Недометанный стог - [39]

Шрифт
Интервал

— А-а, — сказал Сергей. — Так кем же он там?

— Да у него должность длинная, не выговоришь, — рассмеялась Нина. — Торговец, да и все. Ладно, — махнула она рукой. — Ты лучше расскажи, как прошла твоя командировка.

«Что-то она о муже-то не больно», — подумал Сергей, уловив в голосе Нины нотки, заставившие его насторожиться, и стал рассказывать о цели и результатах своего приезда сюда.

Нина слушала внимательно, можно сказать, с увлечением. Она задавала Сергею дельные вопросы, поддакивала, а то сидела молча, казалось, раздумывала. Сергей, почувствовав живое восприятие, увлекся и сам сознавал, что говорит интересно.

— Д-да, — со вздохом сказала Нина, когда он кончил. И, похоже, с завистью добавила: — Интересная у тебя работа, Сережа.

— Всякая работа по-своему интересна, — выложил Сергей прописную истину, внутренне гордясь и работой своей, и завистью Нины.

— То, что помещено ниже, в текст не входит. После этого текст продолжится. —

Definition strong_certs : seq (seq nat * seq (nat * seq nat)) := [::
  ([:: 3; 5; 14; 11; 12],
    [:: (1, [:: 3; 3; 13; 14; 11]); (1, [:: 3; 3; 13; 18; 7]); (1, [:: 3; 3; 17; 14; 7]);
        (1, [:: 3; 5; 13; 11; 12]); (1, [:: 3; 5; 13; 13; 10]); (1, [:: 5; 3; 13; 11; 12]);
        (1, [:: 5; 3; 13; 14; 9]); (1, [:: 5; 3; 14; 13; 9]); (1, [:: 5; 5; 13; 11; 10]);
        (2, [:: 2; 3; 13; 14; 11]); (2, [:: 3; 3; 14; 11; 12]); (2, [:: 3; 5; 13; 13; 9]);
        (2, [:: 3; 5; 13; 17; 5]); (2, [:: 3; 5; 14; 11; 10]); (2, [:: 3; 5; 14; 14; 7]);
        (2, [:: 3; 5; 17; 13; 5]); (2, [:: 3; 6; 13; 11; 10]); (2, [:: 6; 3; 13; 11; 10]);
        (4, [:: 3; 3; 13; 13; 9]); (4, [:: 3; 3; 13; 17; 5]); (4, [:: 3; 3; 14; 14; 7]);
        (4, [:: 3; 3; 17; 13; 5])]);
  ([:: 3; 13; 6; 11; 12],
    [:: (1, [:: 3; 13; 5; 10; 13]); (1, [:: 3; 13; 5; 12; 11]); (1, [:: 5; 5; 9; 11; 14]);
        (1, [:: 5; 5; 9; 14; 11]); (1, [:: 5; 5; 10; 11; 13]); (1, [:: 5; 5; 10; 13; 11]);
        (1, [:: 5; 6; 9; 11; 13]); (1, [:: 5; 6; 9; 13; 11]); (1, [:: 5; 7; 3; 11; 18]);
        (1, [:: 5; 7; 3; 18; 11]); (1, [:: 5; 7; 5; 13; 14]); (1, [:: 5; 7; 5; 14; 13]);
        (1, [:: 5; 7; 6; 13; 13]); (1, [:: 5; 7; 9; 11; 12]); (1, [:: 5; 7; 9; 12; 11]);
        (1, [:: 5; 7; 10; 11; 11]); (1, [:: 5; 11; 3; 11; 14]); (1, [:: 5; 11; 3; 12; 13]);
        (1, [:: 5; 11; 3; 13; 12]); (1, [:: 5; 11; 3; 14; 11]); (1, [:: 5; 11; 4; 11; 13]);
        (1, [:: 5; 11; 4; 13; 11]); (1, [:: 5; 11; 5; 10; 13]); (1, [:: 5; 11; 5; 11; 12]);
        (1, [:: 5; 11; 6; 11; 11]); (1, [:: 5; 12; 3; 11; 13]); (1, [:: 5; 12; 3; 13; 11]);
        (1, [:: 5; 12; 5; 11; 11]); (1, [:: 5; 13; 5; 10; 11]); (2, [:: 3; 5; 10; 11; 14]);
        (2, [:: 3; 5; 10; 14; 11]); (2, [:: 3; 6; 9; 11; 14]); (2, [:: 3; 6; 9; 14; 11]);
        (2, [:: 3; 6; 10; 11; 13]); (2, [:: 3; 6; 10; 13; 11]); (2, [:: 3; 7; 3; 13; 17]);
        (2, [:: 3; 7; 3; 17; 13]); (2, [:: 3; 7; 5; 11; 17]); (2, [:: 3; 7; 5; 14; 14]);
        (2, [:: 3; 7; 5; 17; 11]); (2, [:: 3; 7; 6; 13; 14]); (2, [:: 3; 7; 6; 14; 13]);
        (2, [:: 3; 7; 9; 11; 13]); (2, [:: 3; 7; 9; 13; 11]); (2, [:: 3; 7; 10; 11; 12]);
        (2, [:: 3; 7; 10; 12; 11]); (2, [:: 3; 9; 3; 11; 17]); (2, [:: 3; 9; 3; 17; 11]);
        (2, [:: 3; 9; 5; 13; 13]); (2, [:: 3; 9; 9; 11; 11]); (2, [:: 3; 11; 3; 12; 14]);
        (2, [:: 3; 11; 3; 14; 12]); (2, [:: 3; 11; 4; 11; 14]); (2, [:: 3; 11; 4; 14; 11]);
        (2, [:: 3; 11; 5; 10; 14]); (2, [:: 3; 11; 6; 10; 13]); (2, [:: 3; 11; 6; 11; 12]);
        (2, [:: 3; 12; 3; 11; 14]); (2, [:: 3; 12; 3; 14; 11]); (2, [:: 3; 12; 6; 11; 11]);
        (2, [:: 3; 13; 3; 11; 13]); (2, [:: 3; 13; 3; 13; 11]); (2, [:: 3; 13; 5; 11; 11]);
        (2, [:: 3; 13; 6; 10; 11]); (2, [:: 3; 14; 5; 10; 11]); (2, [:: 6; 11; 5; 10; 11]);
        (4, [:: 3; 5; 3; 13; 17]); (4, [:: 3; 5; 3; 17; 13]); (4, [:: 3; 5; 5; 11; 17]);
        (4, [:: 3; 5; 5; 17; 11]); (4, [:: 3; 5; 9; 11; 13]); (4, [:: 3; 5; 9; 13; 11]);
        (4, [:: 3; 7; 3; 11; 17]); (4, [:: 3; 7; 3; 17; 11]); (4, [:: 3; 7; 5; 13; 13]);
        (4, [:: 3; 7; 9; 11; 11]); (4, [:: 3; 11; 3; 11; 13]); (4, [:: 3; 11; 3; 13; 11]);
        (4, [:: 3; 11; 5; 11; 11])]);
  ([:: 3; 13; 7; 10; 12],
    [:: (1, [:: 3; 11; 5; 7; 18]); (1, [:: 3; 11; 5; 11; 14]); (1, [:: 3; 11; 9; 7; 14]);
        (1, [:: 5; 3; 7; 11; 18]); (1, [:: 5; 3; 7; 18; 11]); (1, [:: 5; 3; 11; 7; 18]);
        (1, [:: 5; 3; 11; 13; 12]); (1, [:: 5; 3; 11; 14; 11]); (1, [:: 5; 3; 12; 13; 11]);
        (1, [:: 5; 3; 13; 9; 14]); (1, [:: 5; 3; 13; 10; 13]); (1, [:: 5; 3; 13; 11; 12]);
        (1, [:: 5; 3; 13; 12; 11]); (1, [:: 5; 3; 14; 9; 13]); (1, [:: 5; 3; 14; 11; 11]);
        (1, [:: 5; 3; 18; 7; 11]); (1, [:: 5; 4; 11; 13; 11]); (1, [:: 5; 4; 13; 11; 11]);
        (1, [:: 5; 5; 7; 13; 14]); (1, [:: 5; 5; 7; 14; 13]); (1, [:: 5; 5; 9; 14; 11]);
        (1, [:: 5; 5; 10; 13; 11]); (1, [:: 5; 5; 13; 7; 14]); (1, [:: 5; 5; 13; 10; 11]);
        (1, [:: 5; 5; 14; 7; 13]); (1, [:: 5; 5; 14; 9; 11]); (1, [:: 5; 6; 7; 13; 13]);
        (1, [:: 5; 6; 9; 13; 11]); (1, [:: 5; 6; 13; 7; 13]); (1, [:: 5; 6; 13; 9; 11]);
        (1, [:: 5; 7; 7; 7; 18]); (1, [:: 5; 7; 7; 11; 14]); (1, [:: 5; 7; 7; 12; 13]);
        (1, [:: 5; 7; 8; 11; 13]); (1, [:: 5; 7; 9; 9; 14]); (1, [:: 5; 7; 9; 10; 13]);
        (1, [:: 5; 7; 9; 11; 12]); (1, [:: 5; 7; 9; 12; 11]); (1, [:: 5; 7; 10; 9; 13]);
        (1, [:: 5; 7; 10; 11; 11]); (1, [:: 5; 7; 11; 7; 14]); (1, [:: 5; 7; 11; 8; 13]);
        (1, [:: 5; 7; 11; 9; 12]); (1, [:: 5; 7; 11; 10; 11]); (1, [:: 5; 7; 12; 7; 13]);
        (1, [:: 5; 7; 12; 9; 11]); (1, [:: 5; 8; 7; 11; 13]); (1, [:: 5; 8; 11; 7; 13]);
        (1, [:: 5; 11; 7; 7; 14]); (1, [:: 5; 11; 7; 8; 13]); (1, [:: 5; 11; 7; 9; 12]);
        (1, [:: 5; 11; 7; 10; 11]); (1, [:: 5; 11; 8; 7; 13]); (1, [:: 5; 11; 9; 7; 12]);
        (1, [:: 5; 11; 10; 7; 11]); (1, [:: 5; 12; 7; 7; 13]); (1, [:: 5; 12; 7; 9; 11]);
        (1, [:: 5; 12; 9; 7; 11]); (2, [:: 2; 11; 5; 11; 14]); (2, [:: 2; 11; 9; 7; 14]);
        (2, [:: 3; 3; 7; 13; 17]); (2, [:: 3; 3; 7; 17; 13]); (2, [:: 3; 3; 9; 11; 17]);
        (2, [:: 3; 3; 9; 17; 11]); (2, [:: 3; 3; 11; 9; 17]); (2, [:: 3; 3; 11; 13; 13]);
        (2, [:: 3; 3; 11; 14; 12]); (2, [:: 3; 3; 12; 14; 11]); (2, [:: 3; 3; 13; 7; 17]);
        (2, [:: 3; 3; 13; 10; 14]); (2, [:: 3; 3; 13; 11; 13]); (2, [:: 3; 3; 14; 9; 14]);
        (2, [:: 3; 3; 14; 10; 13]); (2, [:: 3; 3; 14; 11; 12]); (2, [:: 3; 3; 14; 12; 11]);
        (2, [:: 3; 3; 17; 7; 13]); (2, [:: 3; 3; 17; 9; 11]); (2, [:: 3; 4; 11; 14; 11]);
        (2, [:: 3; 4; 14; 11; 11]); (2, [:: 3; 5; 5; 13; 17]); (2, [:: 3; 5; 5; 17; 13]);
        (2, [:: 3; 5; 7; 11; 17]); (2, [:: 3; 5; 7; 14; 14]); (2, [:: 3; 5; 7; 17; 11]);
        (2, [:: 3; 5; 10; 14; 11]); (2, [:: 3; 5; 11; 7; 17]); (2, [:: 3; 5; 11; 13; 11]);
        (2, [:: 3; 5; 13; 9; 13]); (2, [:: 3; 5; 13; 11; 11]); (2, [:: 3; 5; 14; 7; 14]);
        (2, [:: 3; 5; 14; 10; 11]); (2, [:: 3; 5; 17; 7; 11]); (2, [:: 3; 6; 7; 13; 14]);
        (2, [:: 3; 6; 7; 14; 13]); (2, [:: 3; 6; 9; 14; 11]); (2, [:: 3; 6; 10; 13; 11]);
        (2, [:: 3; 6; 13; 7; 14]); (2, [:: 3; 6; 13; 10; 11]); (2, [:: 3; 6; 14; 7; 13]);
        (2, [:: 3; 6; 14; 9; 11]); (2, [:: 3; 7; 7; 9; 17]); (2, [:: 3; 7; 7; 12; 14]);
        (2, [:: 3; 7; 7; 13; 13]); (2, [:: 3; 7; 8; 11; 14]); (2, [:: 3; 7; 9; 7; 17]);
        (2, [:: 3; 7; 9; 10; 14]); (2, [:: 3; 7; 9; 13; 11]); (2, [:: 3; 7; 10; 9; 14]);
        (2, [:: 3; 7; 10; 10; 13]); (2, [:: 3; 7; 10; 11; 12]); (2, [:: 3; 7; 10; 12; 11]);
        (2, [:: 3; 7; 11; 8; 14]); (2, [:: 3; 7; 11; 10; 12]); (2, [:: 3; 7; 12; 7; 14]);
        (2, [:: 3; 7; 12; 10; 11]); (2, [:: 3; 7; 13; 7; 13]); (2, [:: 3; 7; 13; 9; 11]);
        (2, [:: 3; 8; 7; 11; 14]); (2, [:: 3; 8; 11; 7; 14]); (2, [:: 3; 9; 7; 7; 17]);
        (2, [:: 3; 9; 7; 11; 13]); (2, [:: 3; 9; 9; 9; 13]); (2, [:: 3; 9; 9; 11; 11]);
        (2, [:: 3; 9; 11; 7; 13]); (2, [:: 3; 9; 11; 9; 11]); (2, [:: 3; 11; 6; 9; 14]);
        (2, [:: 3; 11; 7; 8; 14]); (2, [:: 3; 11; 7; 10; 12]); (2, [:: 3; 11; 10; 7; 12]);
        (2, [:: 3; 12; 7; 7; 14]); (2, [:: 3; 12; 7; 10; 11]); (2, [:: 3; 12; 10; 7; 11]);
        (2, [:: 3; 13; 6; 7; 14]); (2, [:: 3; 13; 7; 7; 13]); (2, [:: 3; 13; 7; 9; 11]);
        (2, [:: 3; 13; 9; 7; 11]); (4, [:: 3; 3; 5; 13; 17]); (4, [:: 3; 3; 5; 17; 13]);
        (4, [:: 3; 3; 7; 11; 17]); (4, [:: 3; 3; 7; 17; 11]); (4, [:: 3; 3; 11; 7; 17]);
        (4, [:: 3; 3; 11; 13; 11]); (4, [:: 3; 3; 13; 9; 13]); (4, [:: 3; 3; 13; 11; 11]);
        (4, [:: 3; 3; 17; 7; 11]); (4, [:: 3; 5; 7; 9; 17]); (4, [:: 3; 5; 7; 13; 13]);
        (4, [:: 3; 5; 9; 7; 17]); (4, [:: 3; 5; 9; 13; 11]); (4, [:: 3; 5; 13; 7; 13]);
        (4, [:: 3; 5; 13; 9; 11]); (4, [:: 3; 7; 7; 7; 17]); (4, [:: 3; 7; 7; 11; 13]);
        (4, [:: 3; 7; 9; 9; 13]); (4, [:: 3; 7; 9; 11; 11]); (4, [:: 3; 7; 11; 7; 13]);
        (4, [:: 3; 7; 11; 9; 11]); (4, [:: 3; 11; 6; 7; 14]); (4, [:: 3; 11; 7; 7; 13]);
        (4, [:: 3; 11; 7; 9; 11]); (4, [:: 3; 11; 9; 7; 11]); (4, [:: 3; 13; 6; 7; 12])]);
  ([:: 3; 13; 14; 3; 12],
    [:: (1, [:: 3; 13; 13; 2; 13]); (1, [:: 3; 13; 13; 4; 11]); (1, [:: 5; 5; 11; 9; 14]);
        (1, [:: 5; 5; 11; 10; 13]); (1, [:: 5; 5; 13; 10; 11]); (1, [:: 5; 5; 14; 9; 11]);
        (1, [:: 5; 6; 11; 9; 13]); (1, [:: 5; 6; 13; 9; 11]); (1, [:: 5; 7; 11; 3; 18]);
        (1, [:: 5; 7; 11; 9; 12]); (1, [:: 5; 7; 11; 10; 11]); (1, [:: 5; 7; 12; 9; 11]);
        (1, [:: 5; 7; 13; 5; 14]); (1, [:: 5; 7; 13; 6; 13]); (1, [:: 5; 7; 14; 5; 13]);
        (1, [:: 5; 7; 18; 3; 11]); (1, [:: 5; 11; 11; 3; 14]); (1, [:: 5; 11; 11; 4; 13]);
        (1, [:: 5; 11; 11; 5; 12]); (1, [:: 5; 11; 11; 6; 11]); (1, [:: 5; 11; 12; 3; 13]);
        (1, [:: 5; 11; 12; 5; 11]); (1, [:: 5; 11; 13; 2; 13]); (1, [:: 5; 11; 13; 3; 12]);
        (1, [:: 5; 11; 14; 3; 11]); (1, [:: 5; 12; 11; 3; 13]); (1, [:: 5; 12; 11; 5; 11]);
        (1, [:: 5; 12; 13; 3; 11]); (1, [:: 5; 13; 13; 2; 11]); (2, [:: 3; 5; 11; 10; 14]);
        (2, [:: 3; 5; 14; 10; 11]); (2, [:: 3; 6; 11; 9; 14]); (2, [:: 3; 6; 11; 10; 13]);
        (2, [:: 3; 6; 13; 10; 11]); (2, [:: 3; 6; 14; 9; 11]); (2, [:: 3; 7; 11; 5; 17]);
        (2, [:: 3; 7; 11; 9; 13]); (2, [:: 3; 7; 11; 10; 12]); (2, [:: 3; 7; 12; 10; 11]);
        (2, [:: 3; 7; 13; 3; 17]); (2, [:: 3; 7; 13; 6; 14]); (2, [:: 3; 7; 13; 9; 11]);
        (2, [:: 3; 7; 14; 5; 14]); (2, [:: 3; 7; 14; 6; 13]); (2, [:: 3; 7; 17; 3; 13]);
        (2, [:: 3; 7; 17; 5; 11]); (2, [:: 3; 9; 11; 3; 17]); (2, [:: 3; 9; 11; 9; 11]);
        (2, [:: 3; 9; 13; 5; 13]); (2, [:: 3; 9; 17; 3; 11]); (2, [:: 3; 11; 11; 4; 14]);
        (2, [:: 3; 11; 11; 6; 12]); (2, [:: 3; 11; 12; 3; 14]); (2, [:: 3; 11; 12; 6; 11]);
        (2, [:: 3; 11; 13; 2; 14]); (2, [:: 3; 11; 14; 2; 13]); (2, [:: 3; 11; 14; 3; 12]);
        (2, [:: 3; 12; 11; 3; 14]); (2, [:: 3; 12; 11; 6; 11]); (2, [:: 3; 12; 14; 3; 11]);
        (2, [:: 3; 13; 11; 3; 13]); (2, [:: 3; 13; 11; 5; 11]); (2, [:: 3; 13; 13; 3; 11]);
        (2, [:: 3; 13; 14; 2; 11]); (2, [:: 3; 14; 13; 2; 11]); (2, [:: 6; 11; 13; 2; 11]);
        (4, [:: 3; 5; 11; 5; 17]); (4, [:: 3; 5; 11; 9; 13]); (4, [:: 3; 5; 13; 3; 17]);
        (4, [:: 3; 5; 13; 9; 11]); (4, [:: 3; 5; 17; 3; 13]); (4, [:: 3; 5; 17; 5; 11]);
        (4, [:: 3; 7; 11; 3; 17]); (4, [:: 3; 7; 11; 9; 11]); (4, [:: 3; 7; 13; 5; 13]);
        (4, [:: 3; 7; 17; 3; 11]); (4, [:: 3; 11; 11; 3; 13]); (4, [:: 3; 11; 11; 5; 11]);
        (4, [:: 3; 11; 13; 3; 11])])].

— Ну нет, — как-то неохотно запротестовала Нина. — У меня… Да нет, у меня еще ничего, — словно раздумывала она вслух.

— А у мужа, — осторожно поинтересовался Сергей, — у него, наверное, немало интересного?

— Как же, — насмешливо отозвалась Нина, — есть о чем поговорить. Купи — продам. Недомер, недовес. Тоже нашел — кино, литературу, театр… Да и неразговорчивый он у меня, — словно спохватившись и желая смягчить то, что высказалось, проговорила она быстро.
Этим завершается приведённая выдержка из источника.